Problem description
The expected output is exactly the lines below, starting at the line with "Per k G v (fun i => (Z.of_nat" and ending at the line with "Lemma dec_of_true (P", both included; no other line belongs in it.

### Listed records

(* sigma^m x = sigma^n x for all x in Z(v) *)
Definition shift_eq_on (k : nat) (G : kgraph_data) (v : Obj G) (m n : nat -> nat) : Prop :=
  forall x, is_inf_path k G x -> x zeroN zeroN = idm v ->
    forall p q, isNk k p -> isNk k q -> leN p q ->
      x (addN p m) (addN q m) = x (addN p n) (addN q n).

Inductive Per (k : nat) (G : kgraph_data) (v : Obj G) : (nat -> Z) -> Prop :=
| Per_gen : forall m n, isNk k m -> isNk k n -> shift_eq_on k G v m n ->
    Per k G v (fun i => (Z.of_nat (m i) - Z.of_nat (n i))%Z)
| Per_zero : Per k G v (fun _ => 0%Z)
| Per_add : forall z1 z2, Per k G v z1 -> Per k G v z2 -> Per k G v (fun i => (z1 i + z2 i)%Z)
| Per_opp : forall z, Per k G v z -> Per k G v (fun i => (- z i)%Z).

Definition aperiodic (k : nat) (G : kgraph_data) : Prop :=
  forall (v : Obj G) (z : nat -> Z), Per k G v z -> forall i, z i = 0%Z.

(* Let x be an infinite path in Z(v) and put al = x(0,m), ga = x(0,n).  By
   Perron-Frobenius, the commuting irreducible matrices B_i share a positive
   eigenvector xi with eigenvalues rho(B_i), so the weights
   e^(-beta y(lam)) xi(s(lam)) of the paths lam in v Lambda^q add up to
   rho(B)^q xi(v).  If sigma^m = sigma^n on Z(v), the paths of degree m+n+m and
   m+n+n starting with both al and ga have the same suffixes after al and ga
   respectively.  Extending both families to degree 2m+2n and comparing total
   weights gives e^(-beta y(al)) rho(B)^n = e^(-beta y(ga)) rho(B)^m, i.e. al and
   ga have the same value of y + ln(rho(B)^d)/beta, so m = d(al) = d(ga) = n. *)

From Stdlib Require Import Reals List ZArith Lra Lia Permutation ClassicalEpsilon FunctionalExtensionality.
Open Scope R_scope.

Definition dec (P : Prop) : bool := if excluded_middle_informative P then true else false.

Lemma dec_true (P : Prop) : dec P = true -> P.
Proof. unfold dec; destruct (excluded_middle_informative P); easy. Qed.
Lemma dec_false (P : Prop) : dec P = false -> ~ P.
Proof. unfold dec; destruct (excluded_middle_informative P); easy. Qed.
Lemma dec_of_true (P : Prop) : P -> dec P = true.
Proof. unfold dec; destruct (excluded_middle_informative P); easy. Qed.
Lemma dec_of_false (P : Prop) : ~ P -> dec P = false.
Proof. unfold dec; destruct (excluded_middle_informative P); easy. Qed.

Definition lsum {A : Type} (l : list A) (g : A -> R) : R := fold_right Rplus 0 (map g l).

Section ListSums.
Context {A : Type}.
Implicit Types (l : list A) (g h : A -> R).

Lemma lsum_nil g : lsum nil g = 0. Proof. reflexivity. Qed.
Lemma lsum_cons a l g : lsum (a :: l) g = g a + lsum l g. Proof. reflexivity. Qed.

Lemma lsum_app l1 l2 g : lsum (l1 ++ l2) g = lsum l1 g + lsum l2 g.
Proof. induction l1 as [|a l1 IH]; simpl; [unfold lsum; simpl; lra|]. rewrite !lsum_cons, IH. lra. Qed.

Lemma lsum_ext l g h : (forall x, In x l -> g x = h x) -> lsum l g = lsum l h.
Proof.
  induction l as [|a l IH]; intros H; [reflexivity|].
  rewrite !lsum_cons, H, IH; simpl; auto. intros; apply H; simpl; auto.
Qed.

Lemma lsum_perm l1 l2 g : Permutation l1 l2 -> lsum l1 g = lsum l2 g.
Proof. induction 1; rewrite ?lsum_cons; lra. Qed.

Lemma lsum_map {B} (f : B -> A) (l : list B) g : lsum (map f l) g = lsum l (fun x => g (f x)).
Proof. induction l as [|a l IH]; [reflexivity|]. simpl map. rewrite !lsum_cons, IH. reflexivity. Qed.

Lemma lsum_plus l g h : lsum l (fun x => g x + h x) = lsum l g + lsum l h.
Proof. induction l as [|a l IH]; [unfold lsum; simpl; lra|]. rewrite !lsum_cons, IH. lra. Qed.

Lemma lsum_scal l c g : lsum l (fun x => c * g x) = c * lsum l g.
Proof. induction l as [|a l IH]; [unfold lsum; simpl; lra|]. rewrite !lsum_cons, IH. lra. Qed.

Lemma lsum_scalr l c g : lsum l (fun x => g x * c) = lsum l g * c.
Proof. induction l as [|a l IH]; [unfold lsum; simpl; lra|]. rewrite !lsum_cons, IH. lra. Qed.

Lemma lsum_const l c : lsum l (fun _ => c) = INR (length l) * c.
Proof.
  induction l as [|a l IH]; [unfold lsum; simpl; lra|].
  rewrite lsum_cons, IH. simpl length. rewrite S_INR. lra.
Qed.

Lemma lsum_zero l : lsum l (fun _ => 0) = 0.
Proof. rewrite lsum_const. lra. Qed.

Lemma lsum_le l g h : (forall x, In x l -> g x <= h x) -> lsum l g <= lsum l h.
Proof.
  induction l as [|a l IH]; intros H; [unfold lsum; simpl; lra|].
  rewrite !lsum_cons. apply Rplus_le_compat; [apply H | apply IH]; simpl; auto.
  intros; apply H; simpl; auto.
Qed.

######

Result
    Per k G v (fun i => (Z.of_nat (m i) - Z.of_nat (n i))%Z)
| Per_zero : Per k G v (fun _ => 0%Z)
| Per_add : forall z1 z2, Per k G v z1 -> Per k G v z2 -> Per k G v (fun i => (z1 i + z2 i)%Z)
| Per_opp : forall z, Per k G v z -> Per k G v (fun i => (- z i)%Z).

Definition aperiodic (k : nat) (G : kgraph_data) : Prop :=
  forall (v : Obj G) (z : nat -> Z), Per k G v z -> forall i, z i = 0%Z.

(* Let x be an infinite path in Z(v) and put al = x(0,m), ga = x(0,n).  By
   Perron-Frobenius, the commuting irreducible matrices B_i share a positive
   eigenvector xi with eigenvalues rho(B_i), so the weights
   e^(-beta y(lam)) xi(s(lam)) of the paths lam in v Lambda^q add up to
   rho(B)^q xi(v).  If sigma^m = sigma^n on Z(v), the paths of degree m+n+m and
   m+n+n starting with both al and ga have the same suffixes after al and ga
   respectively.  Extending both families to degree 2m+2n and comparing total
   weights gives e^(-beta y(al)) rho(B)^n = e^(-beta y(ga)) rho(B)^m, i.e. al and
   ga have the same value of y + ln(rho(B)^d)/beta, so m = d(al) = d(ga) = n. *)

From Stdlib Require Import Reals List ZArith Lra Lia Permutation ClassicalEpsilon FunctionalExtensionality.
Open Scope R_scope.

Definition dec (P : Prop) : bool := if excluded_middle_informative P then true else false.

Lemma dec_true (P : Prop) : dec P = true -> P.
Proof. unfold dec; destruct (excluded_middle_informative P); easy. Qed.
Lemma dec_false (P : Prop) : dec P = false -> ~ P.
Proof. unfold dec; destruct (excluded_middle_informative P); easy. Qed.
Lemma dec_of_true (P : Prop) : P -> dec P = true.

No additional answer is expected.